Кто-то сказал ему, что если пить маленькими глотками, то вреда не будет. У каждого человека есть такой знакомый-рационализатор, который, при случае, говорит что-нибудь удобное. «Ничего страшного, что ты не занимаешься воспитанием своих детей. Они вырастут самостоятельными людьми». Когда приходит время вспомнить, кто же сказал тебе такую ерунду, оказывается, что это был ты сам. Только в шляпе, с усами-щеточкой, и звали тебя, почему-то, иначе.
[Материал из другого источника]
Definition qconj (a : quat) : quat := locked ((qc a 0 *+ 2) *: qone - a).
Definition qRe (a : quat) : R := qc a 0.
Definition qnorm (a : quat) : R :=
  qc a 0 ^+ 2 + qc a 1 ^+ 2 + qc a 2 ^+ 2 + qc a 3 ^+ 2.

Lemma qc_conj (a : quat) k :
  (k < 4)%N -> qc (qconj a) k = (if k == 0%N then 1 else -1) * qc a k.
Proof.
by move=> hk; rewrite /qconj -lock qcD qcN qcZ qc_one //; case: k hk => [|k] _ /=; ring.
Qed.

Definition qcE := (qcM0, qcM1, qcM2, qcM3, qcD, qcN, qcZ, qc0, qc_one, qc_conj).

Ltac quat_ring := apply: quatP; rewrite ?qcE //=; ring.

Lemma qmulA : associative (@qmul R). Proof. by move=> a b c; quat_ring. Qed.
Lemma qmul1 : left_id qone (@qmul R). Proof. by move=> a; quat_ring. Qed.
Lemma qmulr1 : right_id qone (@qmul R). Proof. by move=> a; quat_ring. Qed.
Lemma qmulDl : left_distributive (@qmul R) +%R. Proof. by move=> a b c; quat_ring. Qed.
Lemma qmulDr : right_distributive (@qmul R) +%R. Proof. by move=> a b c; quat_ring. Qed.
Lemma qone_neq0 : qone != 0.
Proof.
by apply/eqP => /(congr1 (fun a => qc a 0)); rewrite qc_one // qc0; apply/eqP/oner_neq0.
Qed.

HB.instance Definition _ :=
  GRing.Zmodule_isNzRing.Build quat qmulA qmul1 qmulr1 qmulDl qmulDr qone_neq0.

Lemma qscalerAl (c : R) (u v : quat) : c *: (u * v) = (c *: u) * v.
Proof. quat_ring. Qed.
HB.instance Definition _ := GRing.Lmodule_isLalgebra.Build R quat qscalerAl.
Lemma qscalerAr (c : R) (u v : quat) : c *: (u * v) = u * (c *: v).
Proof. quat_ring. Qed.
HB.instance Definition _ := GRing.Lalgebra_isAlgebra.Build R quat qscalerAr.

Lemma qconjM (a b : quat) : qconj (a * b) = qconj b * qconj a. Proof. quat_ring. Qed.
Lemma qconjD (a b : quat) : qconj (a + b) = qconj a + qconj b. Proof. quat_ring. Qed.
Lemma qconjN (a : quat) : qconj (- a) = - qconj a. Proof. quat_ring. Qed.
Lemma qconjZ c (a : quat) : qconj (c *: a) = c *: qconj a. Proof. quat_ring. Qed.
Lemma qconjK (a : quat) : qconj (qconj a) = a. Proof. quat_ring. Qed.
Lemma qconj0 : qconj 0 = 0. Proof. quat_ring. Qed.
Lemma qconj_alg c : qconj c%:A = c%:A. Proof. quat_ring. Qed.
Lemma qmul_conj (a : quat) : a * qconj a = (qnorm a)%:A.
Proof. rewrite /qnorm; quat_ring. Qed.
Lemma qconj_mul (a : quat) : qconj a * a = (qnorm a)%:A.
Proof. rewrite /qnorm; quat_ring. Qed.

Lemma qReD a b : qRe (a + b) = qRe a + qRe b. Proof. exact: qcD. Qed.
Lemma qReN a : qRe (- a) = - qRe a. Proof. exact: qcN. Qed.
Lemma qReB a b : qRe (a - b) = qRe a - qRe b. Proof. by rewrite qReD qReN. Qed.
Lemma qReZ c a : qRe (c *: a) = c * qRe a. Proof. exact: qcZ. Qed.
Lemma qRe_alg c : qRe c%:A = c. Proof. by rewrite /qRe qcZ qc_one // mulr1. Qed.
Lemma qRe0 : qRe 0 = 0. Proof. exact: qc0. Qed.
Lemma qRe1 : qRe 1 = 1. Proof. exact: qc_one. Qed.
Lemma qReC (a b : quat) : qRe (a * b) = qRe (b * a). Proof. by rewrite /qRe !qcM0; ring. Qed.
Lemma qRe_conj a : qRe (qconj a) = qRe a. Proof. by rewrite /qRe qc_conj // mul1r. Qed.

Lemma qnormM (a b : quat) : qnorm (a * b) = qnorm a * qnorm b.
Proof. by rewrite /qnorm !qcE; ring. Qed.
Lemma qnormZ c a : qnorm (c *: a) = c ^+ 2 * qnorm a.
Proof. by rewrite /qnorm !qcZ; ring. Qed.
Lemma qnorm_conj a : qnorm (qconj a) = qnorm a.
Proof. by rewrite /qnorm !qc_conj //=; ring. Qed.
Lemma qnorm1 : qnorm 1 = 1.
Proof. by rewrite /qnorm !qc_one //=; ring. Qed.
Lemma qnorm_ge0 a : 0 <= qnorm a.
Proof. rewrite /qnorm; nra. Qed.
Lemma qRe_sqr_le a : qRe a ^+ 2 <= qnorm a.
Proof. rewrite /qnorm /qRe; nra. Qed.
Lemma qnorm_eq0 a : qnorm a = 0 -> a = 0.
Proof. by rewrite /qnorm => h; apply: quatP; rewrite qc0; nra. Qed.

Lemma qRe_mul_eq0 (h : quat) : (forall p, qRe (h * p) = 0) -> h = 0.
Proof. by move=> H; apply: qnorm_eq0; rewrite -(qRe_alg (qnorm h)) -qmul_conj. Qed.

End Quaternions.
Итак, все начиналось с кофе. Грязной плиты и простого самообмана. Что было потом? Потом, без особой сенсации, почти без прессы, освещалась пропажа таблеток. Обычное дело. Аркас, возможно, сам перекладывал их. Или это были проделки сущности.
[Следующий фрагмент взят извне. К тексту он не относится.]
(* Let $H$ be a Hilbert space and $T$ a densely defined closed operator on $H$ with closed range. The following are equivalent: (1) $T$ is selfadjoint; (2) $T=\overline{w(T^{*})T}\,T^{*}$; (3) $T^{*}=TT^{*}w(T)$.
   Context: For a densely defined closed operator $A$ with closed range, $A^{*}$ is its adjoint, $C(A)=D(A)\cap N(A)^{\perp}$, and the Moore–Penrose inverse $A^{\dagger}$ is defined on $R(A)\oplus^{\perp}R(A)^{\perp}$ by $A^{\dagger}y=(A|_{C(A)})^{-1}y$ for $y\in R(A)$ and $A^{\dagger}y=0$ for $y\in R(A)^{\perp}$. The generalized Cauchy dual is $w(A)=A(A^{*}A)^{\dagger}$; products of operators are on natural domains, and $\overline{B}$ is the closure of a closable operator $B$. *)

(* Unbounded (partially defined) linear operators on a Hilbert space are
   represented by their graphs, i.e. relations  A : V -> V -> Prop
   (A x y  <->  x \in D(A) and A x = y).  *)
From mathcomp Require Import all_boot all_algebra.
From mathcomp Require Import complex.
From mathcomp Require Import reals.
Set Implicit Arguments.
Unset Strict Implicit.
Unset Printing Implicit Defensive.
Import GRing.Theory Num.Theory.
Local Open Scope ring_scope.
Local Open Scope complex_scope.

Section Hilbert.
Variables (R : realType) (V : lmodType R[i]).

Record is_inner_product (ip : V -> V -> R[i]) : Prop := IsInnerProduct {
  ip_linear : forall (a : R[i]) (x y z : V), ip (a *: x + y) z = a * ip x z + ip y z;
  ip_conj : forall x y : V, ip y x = (ip x y)^*;
  ip_ge0 : forall x : V, 0 <= ip x x;
  ip_eq0 : forall x : V, ip x x = 0 -> x = 0
}.

Definition op := V -> V -> Prop.

Definition op_eq (A B : op) : Prop := forall x y, A x y <-> B x y.

Definition dom (A : op) : V -> Prop := fun x => exists y, A x y.
Definition range (A : op) : V -> Prop := fun y => exists x, A x y.
Definition kernel (A : op) : V -> Prop := fun x => A x 0.

Definition linear_op (A : op) : Prop :=
  A 0 0 /\
  (forall x y x' y', A x y -> A x' y' -> A (x + x') (y + y')) /\
  (forall (a : R[i]) x y, A x y -> A (a *: x) (a *: y)) /\
  (forall x y y', A x y -> A x y' -> y = y').

Definition op_mul (A B : op) : op := fun x z => exists y, B x y /\ A y z.

Variable ip : V -> V -> R[i].

Definition nsq (x : V) : R[i] := ip x x.

Definition converges_to (u : nat -> V) (x : V) : Prop :=
  forall e : R[i], 0 < e -> exists N : nat, forall n : nat, (N <= n)%N -> nsq (u n - x) < e.

Definition cauchy_seq (u : nat -> V) : Prop :=
  forall e : R[i], 0 < e -> exists N : nat, forall n m : nat,
    (N <= n)%N -> (N <= m)%N -> nsq (u n - u m) < e.

Definition is_hilbert : Prop :=
  is_inner_product ip /\ forall u : nat -> V, cauchy_seq u -> exists x, converges_to u x.

(* sets: closed, dense (norm topology; sequential = topological in a metric space) *)
Definition closed_set (S : V -> Prop) : Prop :=
  forall (u : nat -> V) (x : V), (forall n, S (u n)) -> converges_to u x -> S x.

Definition dense_set (S : V -> Prop) : Prop :=
  forall x : V, exists u : nat -> V, (forall n, S (u n)) /\ converges_to u x.

Definition perp (S : V -> Prop) : V -> Prop :=
  fun y => forall x, S x -> ip x y = 0.

Definition densely_defined (A : op) : Prop := dense_set (dom A).

Definition closed_graph (A : op) : Prop :=
  forall (u v : nat -> V) (x y : V),
    (forall n, A (u n) (v n)) -> converges_to u x -> converges_to v y -> A x y.

Definition closed_op (A : op) : Prop := linear_op A /\ closed_graph A.

Definition closed_range (A : op) : Prop := closed_set (range A).

Definition adjoint (A : op) : op :=
  fun y z => forall x w, A x w -> ip w y = ip x z.

Definition closure_op (A : op) : op :=
  fun x y => exists u v : nat -> V,
    (forall n, A (u n) (v n)) /\ converges_to u x /\ converges_to v y.

(* Moore-Penrose inverse: defined on R(A) (+) R(A)^perp,
   A^+ (y1 + y2) = (A|_{C(A)})^{-1} y1  for y1 in R(A), y2 in R(A)^perp,
   where C(A) = D(A) /\ N(A)^perp. *)
Definition mp_inverse (A : op) : op :=
  fun y z => exists y1 y2, y = y1 + y2 /\ range A y1 /\ perp (range A) y2 /\
                           A z y1 /\ perp (kernel A) z.

Definition cauchy_dual (A : op) : op :=
  op_mul A (mp_inverse (op_mul (adjoint A) A)).

Definition selfadjoint (A : op) : Prop := op_eq A (adjoint A).

End Hilbert.

(* Both identities hold for every closed, densely defined T with closed range:
   closure(w(T^* ) T) T^* = T^* and T T^* w(T) = T, so (2) and (3) each say
   T = T^*.  Since T^** = T and, by a Hellinger-Toeplitz argument based on the
   uniform boundedness principle, R(T^* ) is closed as well, the space splits
   as R(T^* ) (+) N(T).  If P is the orthogonal projection onto R(T^* ), then
   w(T^* ) T = P on D(T), whose closure is P and P T^* = T^*; and (T^* T)^+ y
   depends only on P y, which yields T T^* w(T) = T. *)

From mathcomp Require Import all_boot all_order all_algebra complex reals.
From mathcomp Require Import boolp.
From mathcomp Require classical_sets.
From mathcomp Require Import ring lra.
Set Implicit Arguments.
Unset Strict Implicit.
Unset Printing Implicit Defensive.
Import Order.TTheory GRing.Theory Num.Theory.
Local Open Scope ring_scope.
Local Open Scope complex_scope.

Local Notation Re := (@complex.Re _).
Local Notation normc := (@Normc.normc _).

Lemma mulcJ_normc (R : rcfType) (p : R[i]) : p * p^* = (normc p ^+ 2)%:C.
Proof.
case: p => a b; rewrite /= sqr_sqrtr ?addr_ge0 ?sqr_ge0 //.
by apply/eqP; rewrite eq_complex /=; apply/andP; split; apply/eqP; ring.
Qed.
Однажды он просто обнаружил сущность на кухне. Шизофрения сидела на столе, нагая, сгорбившись над чем-то. Аркас собирался было грохнуться в обморок. Закричать. Сделать что-нибудь малодушное, подходящее случаю. До нее он никогда не сталкивался с видениями. Терапевт обещал, что галлюцинации ему не грозят, если Никас станет принимать лекарства. Про «кофе» он, конечно, не знал.

Сущность считала его таблетки. Их там было больше, чем следовало, ведь Аркас не принимал прописанное неделю. Сначала это был протест неуверенной самоуверенности. Жалобное: «мне не нужны все эти транквилизаторы!».
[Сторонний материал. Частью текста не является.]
Lemma gm_over_gp_C1 D (a b da db : R -> R) :
  C1_ball D a da -> C1_ball D b db -> (forall e, Rabs e < D -> gp (a e) (b e) <> 0) ->
  C1_ball D (fun t => gm (a t) (b t) / gp (a t) (b t))
    (fun t => ((gmx (a t) (b t) * da t + gmy (a t) (b t) * db t) * gp (a t) (b t)
               - (gpx (a t) (b t) * da t + gpy (a t) (b t) * db t) * gm (a t) (b t))
              / (gp (a t) (b t))²).
Proof.
  intros Ca Cb gp_ab e he.
  destruct (Ca e he) as [Da Cda]. destruct (Cb e he) as [Db Cdb].
  pose proof (C1_ball_continuity _ _ _ e Ca he); pose proof (C1_ball_continuity _ _ _ e Cb he).
  split.
  - apply (derivable_pt_lim_quot (fun t => gm (a t) (b t)) (fun t => gp (a t) (b t)));
      [apply (derivable_pt_lim_comp2_global gm gmx gmy a b (da e) (db e)); auto
      |apply (derivable_pt_lim_comp2_global gp gpx gpy a b (da e) (db e)); auto
      |apply gp_ab; auto].
  - apply (continuity_pt_of_cont2_at _ e 0). unfold Rsqr.
    apply cont2_at_div; [..|apply Rmult_integral_contrapositive; split; apply gp_ab; auto];
      cont2_at_auto ltac:(apply cont2_at_of_continuity_pt; assumption).
Qed.

Lemma pseudo_equilibrium (gp0 : gp 0 0 <> 0)
  (nonpar : fmx 0 0 * gp 0 0 - gmx 0 0 * fp 0 0 <> 0) :
  exists (delta rho : R) (a b lam da db dlam : R -> R),
    0 < delta /\ 0 < rho /\
    a 0 = 0 /\ b 0 = 0 /\ lam 0 = 0 /\
    C1_near0 delta a da /\ C1_near0 delta b db /\ C1_near0 delta lam dlam /\
    (forall eps, Rabs eps <= delta ->
       Rabs (a eps) < rho /\ Rabs (b eps) < rho /\ Rabs (lam eps) < rho /\
       fm (a eps) (b eps) - lam eps * fp (a eps) (b eps) = 0 /\
       gm (a eps) (b eps) - lam eps * gp (a eps) (b eps) = 0 /\
       H (a eps) (b eps) eps = 0) /\
    (forall eps a' b' l', Rabs eps <= delta ->
       Rabs a' < rho -> Rabs b' < rho -> Rabs l' < rho ->
       fm a' b' - l' * fp a' b' = 0 ->
       gm a' b' - l' * gp a' b' = 0 ->
       H a' b' eps = 0 ->
       a' = a eps /\ b' = b eps /\ l' = lam eps) /\
    da 0 = He 0 0 0 / Hy 0 0 0 *
           ((fmy 0 0 * gp 0 0 - gmy 0 0 * fp 0 0) /
            (fmx 0 0 * gp 0 0 - gmx 0 0 * fp 0 0)) /\
    db 0 = He 0 0 0 / Hy 0 0 0 * (-1) /\
    dlam 0 = He 0 0 0 / Hy 0 0 0 *
           (- ((fmx 0 0 * gmy 0 0 - fmy 0 0 * gmx 0 0) /
               (fmx 0 0 * gp 0 0 - gmx 0 0 * fp 0 0))).
Proof.
  destruct (zero_along_curve cross_curve cross_curve_dx cross_curve_de cross_curve_dx_spec
              cross_curve_de_spec cross_curve_cont cross_curve_origin)
    as (d & r & a & da & db & [hd hdr] & hr & a0 & Ha & Ua & Ca & Cb & da0 & db0).
  { rewrite cross_curve_dx_origin; auto. }
  set (b := fun t => phi (a t) t) in Cb.
  assert (b0 : b 0 = 0) by (unfold b; rewrite a0; apply phi_origin).
  destruct (cont2_nonzero_near gp cgp gp0) as [dg [hdg gp_nz]].
  pose proof (Rmin_l r dg); pose proof (Rmin_r r dg).
  set (rho := Rmin r dg) in *.
  assert (hrho : 0 < rho) by (apply Rmin_pos; lra).
  destruct (C1_ball_small d a da rho Ca hd a0 hrho) as [dA [[hdA hdAd] Hsa]].
  destruct (C1_ball_small d b db rho Cb hd b0 hrho) as [dB [[hdB hdBd] Hsb]].
  pose proof (Rmin_l dA dB); pose proof (Rmin_r dA dB).
  set (D := Rmin dA dB) in *.
  assert (hD : 0 < D) by (apply Rmin_pos; lra).
  assert (gp_ab : forall e, Rabs e < D -> gp (a e) (b e) <> 0).
  { intros e he. pose proof (Hsa e ltac:(lra)); pose proof (Hsb e ltac:(lra)).
    apply gp_nz; lra. }
  assert (Clam := gm_over_gp_C1 D a b da db
                    (fun e he => Ca e ltac:(lra)) (fun e he => Cb e ltac:(lra)) gp_ab).
  set (lam := fun t => gm (a t) (b t) / gp (a t) (b t)) in Clam.
  assert (lam0 : lam 0 = 0) by (unfold lam; rewrite a0, b0, gm0; field; auto).
  destruct (C1_ball_small D lam _ rho Clam hD lam0 hrho) as [dl [[hdl hdlD] Hsl]].
  destruct phi_root as [[_ hd1] _ _ Hphi _ Uphi _].
  eexists (dl / 2), rho, a, b, lam, da, db, _.
  do 5 (split; [auto; lra|]).
  split; [|split; [|split; [|split; [|split; [|split; [|split]]]]]].
  - apply (C1_near0_of_ball d); auto; lra.
  - apply (C1_near0_of_ball d); auto; lra.
  - apply (C1_near0_of_ball D); [lra|exact Clam].
  - intros e he. destruct (Ha e ltac:(lra)) as [hae Ecross].
    assert (P : fm (a e) (b e) - lam e * fp (a e) (b e) = 0 /\
                gm (a e) (b e) - lam e * gp (a e) (b e) = 0).
    { apply parallel_iff_cross; [apply gp_ab; lra|split; [exact Ecross|reflexivity]]. }
    destruct P. repeat split; auto; [apply Hsa|apply Hsb|apply Hsl|apply Hphi]; lra.
  - intros e a' b' l' he ha hb hl E1 E2 E3.
    destruct (proj1 (parallel_iff_cross _ _ _ _ l' (gp_nz a' b' ltac:(lra) ltac:(lra))) (conj E1 E2))
      as [Ecross El].
    assert (Eb : b' = phi a' e) by (apply Uphi; lra).
    assert (Ea : a' = a e) by (apply Ua; try lra; unfold cross_curve; rewrite <- Eb; auto).
    assert (Eb' : b' = b e) by (unfold b; rewrite <- Ea; auto).
    unfold lam; rewrite <- Ea, <- Eb'; auto.
  - rewrite da0, cross_curve_dx_origin, cross_curve_de_origin; field; auto.
  - rewrite db0; field; auto.
  - cbv beta. unfold Rsqr.
    rewrite a0, b0, gm0, da0, db0, cross_curve_dx_origin, cross_curve_de_origin.
    field; auto.
Qed.

End SwitchingCurve.

Theorem proposition1
  (fp gp fm gm : R -> R -> R) (H : R -> R -> R -> R)
  (fmx fmy gmx gmy : R -> R -> R) (Hx Hy He : R -> R -> R -> R)
  (Cfp : C2_2 fp) (Cgp : C2_2 gp) (Cfm : C2_2 fm) (Cgm : C2_2 gm) (CH : C2_3 H)
  (dfmx : is_dx2 fm fmx) (dfmy : is_dy2 fm fmy)
  (dgmx : is_dx2 gm gmx) (dgmy : is_dy2 gm gmy)
  (dHx : is_dx3 H Hx) (dHy : is_dy3 H Hy) (dHe : is_dz3 H He)
  (hfm0 : fm 0 0 = 0) (hgm0 : gm 0 0 = 0)
  (hH0 : H 0 0 0 = 0) (hHx0 : Hx 0 0 0 = 0) (hHy0 : Hy 0 0 0 <> 0)
  (hcross : Hy 0 0 0 * gp 0 0 < 0)
  (hgmx0 : gmx 0 0 <> 0)
  (hnonpar : fmx 0 0 * gp 0 0 - gmx 0 0 * fp 0 0 <> 0) :
  exists r eps0 : R, 0 < r /\ 0 < eps0 /\
  exists (A B dA dB : R -> R),
    (forall eps, 0 < eps <= eps0 ->
       Rabs (A eps) <= r /\ Rabs (B eps) <= r /\
       H (A eps) (B eps) eps = 0 /\
       Hx (A eps) (B eps) eps * fm (A eps) (B eps)
         + Hy (A eps) (B eps) eps * gm (A eps) (B eps) = 0 /\
       (forall x y, Rabs x <= r -> Rabs y <= r ->
          H x y eps = 0 ->
          Hx x y eps * fm x y + Hy x y eps * gm x y = 0 ->
          x = A eps /\ y = B eps)) /\
    C1_near0 eps0 A dA /\ C1_near0 eps0 B dB /\ A 0 = 0 /\ B 0 = 0 /\
    dA 0 = He 0 0 0 / Hy 0 0 0 * (gmy 0 0 / gmx 0 0) /\
    dB 0 = He 0 0 0 / Hy 0 0 0 * (-1) /\
    (forall eps, 0 < eps <= eps0 ->
       forall x y, Rabs x <= r -> Rabs y <= r -> H x y eps = 0 ->
         ((x, y) <> (A eps, B eps) <->
          (Hx x y eps * fm x y + Hy x y eps * gm x y > 0 \/
           Hx x y eps * fm x y + Hy x y eps * gm x y < 0))) /\
    (exists (delta rho : R) (a b lam da db dlam : R -> R),
       0 < delta /\ 0 < rho /\
       a 0 = 0 /\ b 0 = 0 /\ lam 0 = 0 /\
       C1_near0 delta a da /\ C1_near0 delta b db /\ C1_near0 delta lam dlam /\
       (forall eps, Rabs eps <= delta ->
          Rabs (a eps) < rho /\ Rabs (b eps) < rho /\ Rabs (lam eps) < rho /\
          fm (a eps) (b eps) - lam eps * fp (a eps) (b eps) = 0 /\
          gm (a eps) (b eps) - lam eps * gp (a eps) (b eps) = 0 /\
          H (a eps) (b eps) eps = 0) /\
       (forall eps a' b' l', Rabs eps <= delta ->
          Rabs a' < rho -> Rabs b' < rho -> Rabs l' < rho ->
          fm a' b' - l' * fp a' b' = 0 ->
          gm a' b' - l' * gp a' b' = 0 ->
          H a' b' eps = 0 ->
          a' = a eps /\ b' = b eps /\ l' = lam eps) /\
       da 0 = He 0 0 0 / Hy 0 0 0 *
              ((fmy 0 0 * gp 0 0 - gmy 0 0 * fp 0 0) /
               (fmx 0 0 * gp 0 0 - gmx 0 0 * fp 0 0)) /\
       db 0 = He 0 0 0 / Hy 0 0 0 * (-1) /\
       dlam 0 = He 0 0 0 / Hy 0 0 0 *
              (- ((fmx 0 0 * gmy 0 0 - fmy 0 0 * gmx 0 0) /
                  (fmx 0 0 * gp 0 0 - gmx 0 0 * fp 0 0)))).
Proof.
  destruct (C2_3_cont_partials H Hx Hy He CH dHx dHy dHe)
    as (cH & (cHx & Hxx & Hxy & Hxe & dHxx & dHxy & dHxe & cHxx & cHxy & cHxe)
           & (cHy & Hyx & Hyy & Hye & dHyx & dHyy & dHye & cHyx & cHyy & cHye) & cHe).
  destruct (C2_2_cont_partials fm fmx fmy Cfm dfmx dfmy) as (cfm & cfmx & cfmy).
  destruct (C2_2_cont_partials gm gmx gmy Cgm dgmx dgmy) as (cgm & cgmx & cgmy).
  destruct Cfp as (cfp & fpx & fpy & dfpx & dfpy & [cfpx _] & [cfpy _]).
  destruct Cgp as (cgp & gpx & gpy & dgpx & dgpy & [cgpx _] & [cgpy _]).
  destruct (level_curve_exists H Hx Hy He cH cHx cHy cHe dHx dHy dHe hH0 hHy0)
    as (d1 & r1 & phi & Hphi & Hphi_dx & Hphi_de).
  assert (hgp0 : gp 0 0 <> 0) by (intro z; rewrite z, Rmult_0_r in hcross; lra).
  destruct (tangency_point fm gm H fmx fmy gmx gmy Hx Hy He Hxx Hxy Hxe Hyx Hyy Hye)
    with (d1 := d1) (r1 := r1) (phi := phi)
    as (r & eps0 & hr & heps0 & A & B & dA & dB & P1 & P2 & P3 & P4 & P5 & P6 & P7 & P8); auto.
  exists r, eps0; split; [exact hr|split; [exact heps0|]].
  exists A, B, dA, dB.
  do 8 (split; [assumption|]).
  apply (pseudo_equilibrium fp gp fm gm H fpx fpy gpx gpy fmx fmy gmx gmy Hx Hy He)
    with (d1 := d1) (r1 := r1) (phi := phi); auto.
Qed.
А потом, после появления сущности, Никас уже не мог возобновить курс. Он настолько отчаялся в изоляции, что буквально не мог остаться один снова. В конце концов, шизофрения, или Френ, как он ее неостроумно назвал, была единственной компанией, которая спокойно переносило странности Никаса. В том числе, его ночные вопли и привычку запираться на все замки. Ведь кто же еще станет жить с человеком, который навесил на балконную дверь четыре замка и щеколду. И спит только за ней. Вот уже два года. Кто, если не безумие?

Собака? Нет, собака это плохой выбор для человека, которого она хоть раз стерегла, не давая выбраться на волю. Начинаешь понимать, что собачья верность бывает крайне невыгодной.

Кошек Никас любил. Они ни разу не пытались отхватить ему ползадницы.

Но Френ была предпочтительнее. Хотя бы потому, что у них был регулярный секс. Аркас всегда оставался пассивен. Она приходила к нему, и вцеплялась словно голодная пиявка. Человек ощущал себя треснувшей сферой каждое утро, но остановиться не мог. Потому что каждый раз с замиранием ждал, когда эйфория первых минут сделает его счастливым и не помнящим. Ничего.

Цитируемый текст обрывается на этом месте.